_WHAT YOU ARE ASKED TO DO_
The expected output is a copy of every line in the records with the string "split".

══ DATASET CONTENT

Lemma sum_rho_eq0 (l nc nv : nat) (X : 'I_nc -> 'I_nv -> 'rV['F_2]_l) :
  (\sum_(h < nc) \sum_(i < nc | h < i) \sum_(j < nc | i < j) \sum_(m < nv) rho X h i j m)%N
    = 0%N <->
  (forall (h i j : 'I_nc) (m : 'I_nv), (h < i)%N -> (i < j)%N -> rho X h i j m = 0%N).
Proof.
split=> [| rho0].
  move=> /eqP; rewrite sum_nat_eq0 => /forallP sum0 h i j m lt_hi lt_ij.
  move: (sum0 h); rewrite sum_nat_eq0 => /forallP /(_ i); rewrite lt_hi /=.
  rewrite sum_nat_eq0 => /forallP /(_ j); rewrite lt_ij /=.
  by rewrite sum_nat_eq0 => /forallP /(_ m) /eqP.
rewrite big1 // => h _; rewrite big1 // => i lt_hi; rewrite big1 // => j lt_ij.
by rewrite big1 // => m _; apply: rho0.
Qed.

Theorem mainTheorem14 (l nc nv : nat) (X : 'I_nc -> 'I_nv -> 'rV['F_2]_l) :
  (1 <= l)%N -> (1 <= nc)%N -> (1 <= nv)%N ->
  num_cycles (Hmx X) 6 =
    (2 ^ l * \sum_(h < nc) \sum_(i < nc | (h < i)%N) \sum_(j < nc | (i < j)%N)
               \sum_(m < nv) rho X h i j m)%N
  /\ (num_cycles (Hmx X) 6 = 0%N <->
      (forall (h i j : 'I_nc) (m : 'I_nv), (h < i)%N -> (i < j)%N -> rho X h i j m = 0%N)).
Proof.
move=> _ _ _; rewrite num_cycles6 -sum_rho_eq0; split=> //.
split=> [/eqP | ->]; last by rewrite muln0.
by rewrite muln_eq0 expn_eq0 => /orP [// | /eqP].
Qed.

════

_REPLY_
split=> [| rho0].
move=> _ _ _; rewrite num_cycles6 -sum_rho_eq0; split=> //.
split=> [/eqP | ->]; last by rewrite muln0.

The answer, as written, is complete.